Leonard Mead has been going on his walks for a full decade.

In ten years of walking by night or day, for thousands of miles, he had never met another person walking, not once in all that time.

He's alone on all of those walks; therefore, he is also free to make decisions about where he goes and when he comes home. Mead loves it. His nightly walks are incredibly freeing to him.

To enter out into that silence that was the city at eight o'clock of a misty evening in November, to put your feet upon that buckling concrete walk, to step over grassy seams and make your way, hands in pockets, through the silences, that was what Mr. Leonard Mead most dearly loved to do. He would stand upon the corner of an intersection and peer down long moonlit avenues of sidewalk in four directions, deciding which way to go. . . 

That all comes to a stop when he is finally found by the one roving police car. He is asked a series of questions, and Mead's answers make him look more and more odd compared to the rest of the population. Eventually, the police car orders Mead to get into the car so it can take him to a psychiatric facility. This is when Mead feels trapped. He realizes that he is no longer in control of his life, and he begins to feel out of control.

He walked like a man suddenly drunk.

He can't choose where to go next. The decision has been made for him. He's essentially forced into the police car, and once in the car, Mead is genuinely trapped in a jail cell.

He put his hand to the door and peered into the back seat, which was a little cell, a little black jail with bars. It smelled of riveted steel. It smelled of harsh antiseptic; it smelled too clean and hard and metallic.

That jail cell of a car will then take Mead to a psychiatric facility where Mead will continue to be trapped.

"Questions existing systems" might apply a little bit to Leonard Mead. I don't think Mead questions the state of the world. He accepts that nobody else goes on nightly walks. He might lament the state of the world, but he doesn't question it. The closest that Mead might come to questioning an entire existing system is when he says, "Wait a minute, I haven't done anything!" and "I protest" against the car's order for him to get in. That's as close as Mead gets to asking a "why"-type question; however, even as he protests, Mead has already accepted the fact that he will get in. That's why he asks where the car will take him even before he gets in the car.

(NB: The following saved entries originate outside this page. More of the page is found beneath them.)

Lemma mnm_tauK m : mnm_mod e (mnm_tau (mnm_tau m)) = mnm_mod e m.
Proof.
apply/mnmP => i; rewrite !mnmE; have := e_gt0 i.
case: (e i) => // k _ /=; rewrite mulnA -modnMml.
have -> : (k * k %% k.+1 = 1 %% k.+1)%N.
  by rewrite -(modnDr (k * k)) (_ : k * k + k.+1 = k * k.+1 + 1)%N ?modnMDl //; lia.
by rewrite modnMml mul1n.
Qed.

Lemma inI_tauK f : inI e (tau e (tau e f) - f).
Proof.
elim/mpolyind: f => [|c m f _ _ IH]; first by rewrite !rmorph0 subr0; exact: inI0.
have -> : tau e (tau e (c *: 'X_[m] + f)) - (c *: 'X_[m] + f) =
    c *: (tau e (tau e 'X_[m]) - 'X_[m]) + (tau e (tau e f) - f).
  by rewrite !raddfD /= !linearZ /=; ring.
by apply: inID => //; apply: inIZ; rewrite !tauX; apply: inI_XB; rewrite mnm_tauK.
Qed.

Lemma inI_tauE f : inI e (tau e f) <-> inI e f.
Proof.
split=> [/inI_tau tauf|]; last exact: inI_tau.
by rewrite -[f](subKr (tau e (tau e f))); apply: inIB => //; apply: inI_tauK.
Qed.

Lemma inI_tau_mul f g : inI e (f * tau e g) <-> inI e (tau e f * g).
Proof.
split=> [/inI_tau|hfg].
  rewrite rmorphM /= => h.
  have -> : tau e f * g =
      tau e f * tau e (tau e g) - tau e f * (tau e (tau e g) - g) by ring.
  by apply: inIB => //; apply: inIMl; apply: inI_tauK.
have := inI_tau hfg; rewrite rmorphM /= => h.
have -> : f * tau e g =
    tau e (tau e f) * tau e g - (tau e (tau e f) - f) * tau e g by ring.
by apply: inIB => //; apply: inIMr; apply: inI_tauK.
Qed.

Lemma mnm_mod_tau_eq0 m1 m2 :
  (mnm_mod e (m1 + mnm_tau m2)%MM == 0%MM) = (mnm_mod e m1 == mnm_mod e m2).
Proof.
apply/eqP/eqP => h; apply/mnmP => i; have := congr1 (fun m : 'X_{1..r} => m i) h;
  rewrite /= !mnmE; have := e_gt0 i; case: (e i) => // k _ /= {}h.
- by apply/eqP; rewrite -(eqn_modDr (k * m2 i)) -mulSn modnMr h.
- by rewrite -modnDml h modnDml -mulSn modnMr.
Qed.

End Tau.

Section IdealSpan.
Variables (R : comNzRingType) (r : nat) (e : 'I_r -> nat).
Local Notation P := {mpoly R[r]}.
Implicit Types (gs hs : seq P) (f g x y G : P).

Lemma genIdealP gs f : genIdeal e gs f <->
  exists c : 'I_(size gs) -> P, inI e (f - \sum_(j < size gs) c j * gs`_j).
Proof.
split=> [[c [h ->]]|[c [h hf]]]; exists c; first by rewrite addrC addKr; exists h.
by exists h; rewrite -hf addrC subrK.
Qed.

Lemma genIdeal_congr gs f g : inI e (f - g) -> genIdeal e gs g -> genIdeal e gs f.
Proof.
move=> hfg /genIdealP [c hc]; apply/genIdealP; exists c.
by rewrite -(subrK g f) -addrA; apply: inID.
Qed.

Lemma genIdeal0 gs : genIdeal e gs 0.
Proof.
apply/genIdealP; exists (fun _ => 0); rewrite big1 ?subrr; first exact: inI0.
by move=> j _; rewrite mul0r.
Qed.

Lemma genIdealD gs f g : genIdeal e gs f -> genIdeal e gs g -> genIdeal e gs (f + g).
Proof.
move=> /genIdealP [c1 h1] /genIdealP [c2 h2]; apply/genIdealP.
exists (fun j => c1 j + c2 j); under eq_bigr do rewrite mulrDl.
by rewrite big_split /= opprD addrACA; apply: inID.
Qed.

Lemma genIdealMl gs h f : genIdeal e gs f -> genIdeal e gs (h * f).
Proof.
move=> /genIdealP [c hc]; apply/genIdealP; exists (fun j => h * c j).
by under eq_bigr do rewrite -mulrA; rewrite -mulr_sumr -mulrBr; apply: inIMl.
Qed.

Lemma genIdeal_sum gs (I : Type) (s : seq I) (Q : pred I) (F : I -> P) :
  (forall i, Q i -> genIdeal e gs (F i)) -> genIdeal e gs (\sum_(i <- s | Q i) F i).
Proof.
by move=> h; apply: (big_ind (genIdeal e gs)); [exact: genIdeal0 | exact: genIdealD |].
Qed.

Lemma genIdeal_nth gs j : (j < size gs)%N -> genIdeal e gs gs`_j.
Proof.
move=> lt_j; apply/genIdealP; exists (fun i => (i == Ordinal lt_j)%:R).
rewrite (bigD1 (Ordinal lt_j)) //= eqxx mul1r big1 ?addr0 ?subrr; first exact: inI0.
by move=> i /negbTE ->; rewrite mul0r.
Qed.

Lemma inI_mul_genIdeal gs hs x y : genIdeal e gs x -> genIdeal e hs y ->
  (forall j i, (j < size gs)%N -> (i < size hs)%N -> inI e (gs`_j * hs`_i)) ->
  inI e (x * y).
Proof.
move=> /genIdealP [c hc] /genIdealP [d hd] gs_hs.
set sx := \sum_(j < _) _ in hc; set sy := \sum_(j < _) _ in hd.
have -> : x * y = (x - sx) * y + sx * (y - sy) + sx * sy by ring.
apply: inID; first by apply: inID; [apply: inIMr | apply: inIMl].
rewrite mulr_suml; apply: inI_sum => j _; rewrite mulr_sumr; apply: inI_sum => i _.
rewrite mulrACA; apply: inIMl; exact: gs_hs.
Qed.

Lemma genIdeal_tau gs hs x : genIdeal e gs x ->
  (forall j, (j < size gs)%N -> genIdeal e hs (tau e gs`_j)) -> genIdeal e hs (tau e x).
Proof.
move=> /genIdealP [c hc] tau_gs.
apply: (genIdeal_congr (g := \sum_(j < size gs) tau e (c j) * tau e gs`_j)).
  by under eq_bigr do rewrite -rmorphM; rewrite -rmorph_sum -rmorphB; apply: inI_tau.
by apply: genIdeal_sum => j _; apply: genIdealMl; apply: tau_gs.
Qed.

Lemma annAP G f : annA e G f <-> inI e (f * G).
Proof.
split=> [|fG y /genIdealP [c]].
  by apply; apply: (genIdeal_nth (gs := [:: G]) (j := 0)).
rewrite big_ord1 /= => hy.
have -> : f * y = f * (y - c ord0 * G) + c ord0 * (f * G) by ring.
by apply: inID; apply: inIMl.
Qed.

Lemma annComax_tau G H : annComax e G H -> annComax e (tau e G) (tau e H).
Proof.
move=> [u [v [/annAP uG [/annAP vH uv1]]]].
exists (tau e u), (tau e v); split; [|split].
- by apply/annAP; rewrite -rmorphM; apply: inI_tau.
- by apply/annAP; rewrite -rmorphM; apply: inI_tau.
- by rewrite -(rmorph1 (tau e)) -rmorphD -rmorphB; apply: inI_tau.
Qed.

Hypothesis e_gt0 : forall k, (0 < e k)%N.

Lemma annA_tau G f : annA e (tau e G) f <-> annA e G (tau e f).
Proof. by rewrite !annAP (inI_tau_mul e_gt0). Qed.

End IdealSpan.

Section DotProduct.
Variables (R : comNzRingType) (r : nat) (e : 'I_r -> nat).
Hypothesis e_gt0 : forall k, (0 < e k)%N.
Local Notation P := {mpoly R[r]}.
Local Notation deg_bound := (\sum_i e i).+1.
Implicit Types (f g c y : P) (m : 'X_{1..r}).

I don't feel that the other two statements apply to Mead. His walks are not his way of "sticking it to the man." They are something that he loves to do, and he isn't trying to convince other people that they should follow his example. He's not trying to change the system, nor is he trying to escape from it. He's been doing his walks for a decade, and he doesn't try to run away and escape from the police car either. If Mead isn't trying to change anything, then he can't fail in his attempt to change anything. You can't fail at something you don't try.